Prior to the internet, the vast majority of information was accessible only through education, mentorship and written literature. Today, however, the idea of picking up an encyclopedia is laughable; the vast majority of information on almost any topic is easily searchable, fully codified and available through numerous sources. This accessibility has altered the value of data and information, making it cheap or oftentimes even free.

As the volume of accessible information increases, the value of it decreases. In tandem with this value shift, however, the price of nonindexed, private, nonsearchable information has skyrocketed. For the sake of clarity, I will differentiate this type of data from “information” (raw information available online) by referring to it as “expert knowledge.” Expert knowledge is the tiny sliver of high-quality experience, proprietary information and niche knowledge that is not indexed on Google, Quora, Wikipedia or even in books. It’s the kind of knowledge on any given topic that only a few experts — or even just one or two — in the world possess, and this is what makes it so valuable.
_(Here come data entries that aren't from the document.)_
(* Let $\epsilon>0$ and $\delta>0$ be arbitrary, and consider the open subset $B(\epsilon)\times\mathbb D_{<\delta}(T^*S^1)$ of $(\mathbb R^3\times T^*S^1,\ker(\alpha_{\mathrm{OT}}+\lambda_{\mathrm{can}}))$, a neighborhood of $\mathbb D_{\mathrm{OT}}\times S^1$. Then for every $C>0$ there is an embedding of the hypersurface $S_C=\mathbb D^2_{\le\pi}\times(-C,C)\times(-\tfrac{\delta}{2},\tfrac{\delta}{2})$ into $B(\epsilon)\times\mathbb D_{<\delta}(T^*S^1)$ such that the contact structure induces on $S_C$ the singular distribution $\ker(r\sin r\,d\vartheta-t\,ds)$, where $(r,\vartheta)$ are polar coordinates on the disk and $(s,t)$ are the coordinates on $(-C,C)\times(-\tfrac\delta2,\tfrac\delta2)$.
   Context: $\alpha_{\mathrm{OT}}=\cos r\,dz+r\sin r\,d\vartheta$ on $\mathbb R^3$ in cylindrical coordinates $(r,\vartheta,z)$; $\mathbb D_{\mathrm{OT}}=\{r\le\pi,z=0\}$. Fix a small $\delta_0>0$ and set $B(h)=\mathbb D^2_{<\pi+\delta_0}\times(-h,h)\subset\mathbb R^3$ for $h>0$ (a cylindrical box around $\mathbb D_{\mathrm{OT}}$). On $T^*S^1$ use coordinates $(q,p)$, $q\in\mathbb R/2\pi\mathbb Z$, with $\lambda_{\mathrm{can}}=-p\,dq$, and $\mathbb D_{<\delta}(T^*S^1)=\{|p|<\delta\}$. The induced singular distribution of an embedding $\iota$ is $(D\iota)^{-1}(\xi)$ (the kernel of a vanishing form is the whole tangent space). *)

From HB Require Import structures.
From mathcomp Require Import all_boot all_order all_algebra.
From mathcomp Require Import all_classical all_reals all_analysis.
Set Implicit Arguments. Unset Strict Implicit. Unset Printing Implicit Defensive.
Import Order.TTheory GRing.Theory Num.Theory.
Import numFieldNormedType.Exports.
Local Open Scope classical_set_scope.
Local Open Scope ring_scope.

Fixpoint smooth_k (R : realType) (V W : normedModType R) (k : nat)
    (U : set V) (f : V -> W) : Prop :=
  match k with
  | 0 => forall x, U x -> {for x, continuous f}
  | k'.+1 => (forall x, U x -> differentiable f x) /\
             (forall v : V, smooth_k k' U (fun x => 'd f x v))
  end.

Definition smooth_on (R : realType) (V W : normedModType R)
    (U : set V) (f : V -> W) : Prop := forall k, smooth_k k U f.

Definition c4 (R : realType) (u : 'rV[R]_4) (i : nat) : R := u ord0 (@inord 3 i).
Definition c5 (R : realType) (w : 'rV[R]_5) (i : nat) : R := w ord0 (@inord 4 i).

(* sin r / r, extended smoothly by 1 at r = 0 *)
Definition sinc (R : realType) (r : R) : R := if r == 0 then 1 else sin r / r.

Definition rad (R : realType) (x y : R) : R := Num.sqrt (x ^+ 2 + y ^+ 2).

(* Source S_C = D^2_{<=pi} x (-C,C) x (-delta/2, delta/2) in R^4,
   with coordinates (x, y, s, t), (x,y) = (r cos th, r sin th). *)
Definition S_C (R : realType) (C delta : R) : set 'rV[R]_4 :=
  [set u | c4 u 0 ^+ 2 + c4 u 1 ^+ 2 <= pi ^+ 2 /\
           - C < c4 u 2 < C /\ - (delta / 2) < c4 u 3 < delta / 2].

(* The 1-form  r sin r d(theta) - t ds  on S_C, in Cartesian coordinates:
   r sin r d(theta) = (sin r / r) (x dy - y dx). *)
Definition beta_S (R : realType) (u v : 'rV[R]_4) : R :=
  let x := c4 u 0 in let y := c4 u 1 in let t := c4 u 3 in
  sinc (rad x y) * (x * c4 v 1 - y * c4 v 0) - t * c4 v 2.

(* R^3 x T^*S^1 is represented through coordinates (X, Y, Z, Q, P) in R^5,
   where Q is a real lift of q in R / 2 pi Z.  The contact form
   alpha_OT + lambda_can = cos r dz + r sin r d(theta) - p dq. *)
Definition alpha (R : realType) (w v : 'rV[R]_5) : R :=
  let X := c5 w 0 in let Y := c5 w 1 in let P := c5 w 4 in
  cos (rad X Y) * c5 v 2 + sinc (rad X Y) * (X * c5 v 1 - Y * c5 v 0)
  - P * c5 v 3.

(* B(eps) x D_{<delta}(T^*S^1), B(h) = D^2_{<pi+delta0} x (-h,h) *)
Definition target_box (R : realType) (delta0 eps delta : R) : set 'rV[R]_5 :=
  [set w | c5 w 0 ^+ 2 + c5 w 1 ^+ 2 < (pi + delta0) ^+ 2 /\
           - eps < c5 w 2 < eps /\ `|c5 w 4| < delta].

(* distance-smallness in R^3 x S^1 x R : coordinates X,Y,Z,P within d,
   and Q within d modulo 2 pi *)
Definition close5 (R : realType) (d : R) (w w' : 'rV[R]_5) : Prop :=
  `|c5 w' 0 - c5 w 0| < d /\ `|c5 w' 1 - c5 w 1| < d /\
  `|c5 w' 2 - c5 w 2| < d /\ `|c5 w' 4 - c5 w 4| < d /\
  exists k : int, `|c5 w' 3 - c5 w 3 - k%:~R * (2 * pi)| < d.

(* equality of the points of R^3 x T^*S^1 represented by w, w' *)
Definition same_pt (R : realType) (w w' : 'rV[R]_5) : Prop :=
  c5 w' 0 = c5 w 0 /\ c5 w' 1 = c5 w 1 /\ c5 w' 2 = c5 w 2 /\
  c5 w' 4 = c5 w 4 /\ exists k : int, c5 w' 3 - c5 w 3 = k%:~R * (2 * pi).

(* F (composed with R -> R/2piZ in the Q-coordinate) is a smooth embedding
   of S into the subset T of R^3 x T^*S^1. *)
Definition smooth_embedding_into (R : realType) (S : set 'rV[R]_4)
    (T : set 'rV[R]_5) (F : 'rV[R]_4 -> 'rV[R]_5) : Prop :=
  (* smooth (in the manifold-with-boundary sense: smooth on an open nbhd) *)
  (exists U : set 'rV[R]_4, open U /\ S `<=` U /\ smooth_on U F) /\
  (forall u, S u -> T (F u)) /\
  (forall u, S u -> forall v : 'rV[R]_4, 'd F u v = 0 -> v = 0) /\
  (forall u u', S u -> S u' -> same_pt (F u) (F u') -> u = u') /\
  (* homeomorphism onto its image (continuity of the inverse) *)
  (forall u, S u -> forall e : R, 0 < e -> exists2 d : R, 0 < d &
     forall u', S u' -> close5 d (F u) (F u') -> `|u' - u| < e).

(* the singular distribution induced by F, (DF)^{-1}(ker alpha), equals
   ker beta_S at every point of S *)
Definition induces_kernel (R : realType) (S : set 'rV[R]_4)
    (F : 'rV[R]_4 -> 'rV[R]_5) : Prop :=
  forall u, S u -> forall v : 'rV[R]_4,
    alpha (F u) ('d F u v) = 0 <-> beta_S u v = 0.

From Pilot Require Import Defs.
From mathcomp Require Import all_boot all_order all_algebra.
From mathcomp Require Import all_classical all_reals all_analysis.
From mathcomp Require Import ring lra.
Set Implicit Arguments. Unset Strict Implicit. Unset Printing Implicit Defensive.
Import Order.TTheory GRing.Theory Num.Theory.
Import numFieldNormedType.Exports.
Local Open Scope classical_set_scope.
Local Open Scope ring_scope.

(* In coordinates (x, y, s, t) on S_C, with (x, y) = (r cos th,
   r sin th), consider the "shear" embedding, for a small constant a > 0,
       F_a(x, y, s, t) = (X, Y, Z, Q, P) = (x, y, a s, s, t + a cos r).
   Pulling back alpha = cos r dZ + r sin r d(theta) - P dQ gives
       a cos r ds + r sin r d(theta) - (t + a cos r) ds = r sin r d(theta) - t ds,
   i.e. exactly the form beta_S, so the induced distribution is ker beta_S.
   Choosing a C < eps and a <= delta / 2 puts F_a(S_C) inside the box; F_a is
   an injective immersion whose inverse (x, y, Z / a, P - a cos r) is
   continuous.  The only analytic subtlety is smoothness of cos r =
   cos (sqrt (x^2 + y^2)) at r = 0: we write it as the entire power series
   sum_n (-1)^n rho^n / (2n)! in rho = x^2 + y^2. *)

Section EntireSeries.
Variable R : realType.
An Inverse Relationship: Information Volume Versus Knowledge Value

The microeconomic law of supply and demand states that price determination in a market is a function of the availability of a product versus the demand for said product. While demand for information has grown over the past two decades, supply of information has outpaced demand. To illustrate this, try to remember the last time you made it to the third page of Google search results. Accordingly, the value of this information has gone down. For instance, the cost per gigabyte of data stored on a hard drive dropped from over $100,000 in 1980 to significantly less than 1 cent today.

The market is skewed toward granting access to and analysis of this type of information. Search engines like Google, content platforms like Quora or Wikipedia, data processing and storage platforms like Hadoop, and business intelligence tools like Tableau all essentially analyze and repackage already codified information to make it even more accessible.

The industry for nonaccessible expert knowledge, however, is decidedly smaller.

A Google For Niche, Unwritten Knowledge

Just as Google created the first search engine for codified content, winning over the economy of information 20 years ago, there is now a new opportunity to create a search engine for noncodified content: the “Google” of expert knowledge. This type of knowledge exists currently only through conversations, dialogue, teaching and learning. It’s the type of information that is held by only a few experts who have no motivation to translate the knowledge into searchable formats, which means that locating these people is nearly impossible. After all, if their expertise is not indexed on the internet, locating and finding them in order to access their knowledge is extremely difficult.

In the recent book Flights by Olga Tokarczuk, the narrator muses about Wikipedia: “We should have some other collection of knowledge, then, to balance [Wikipedia] out — its inverse, its inner lining, everything we don’t know, all the things that can’t be captured in any index, can’t be handled by any search engine.”

Indeed, we do need an inverse to Wikipedia, to codified content. We need a collection of knowledge that could help someone who needs to learn about an emerging technology, like blockchain, or a highly specific field, such as the separation of vanadium from titanium in titano-magnetite ore in Peru.

Already, businesses (and in particular, startups) are hiring for knowledge and skill rather than experience or advanced degrees. While platforms like LinkedIn provide public access to skills and job history, they do not provide a codified view of knowledge. To determine that, companies have to sift through laborious searches and screening interviews until they finally gain access to the one person who holds a set of skills and knowledge.

The first company to create a search engine for finding the one person with a precise set of knowledge in the world will end up winning a new market, one that is currently incredibly valuable. Then, we will enter a new era in the economy of knowledge.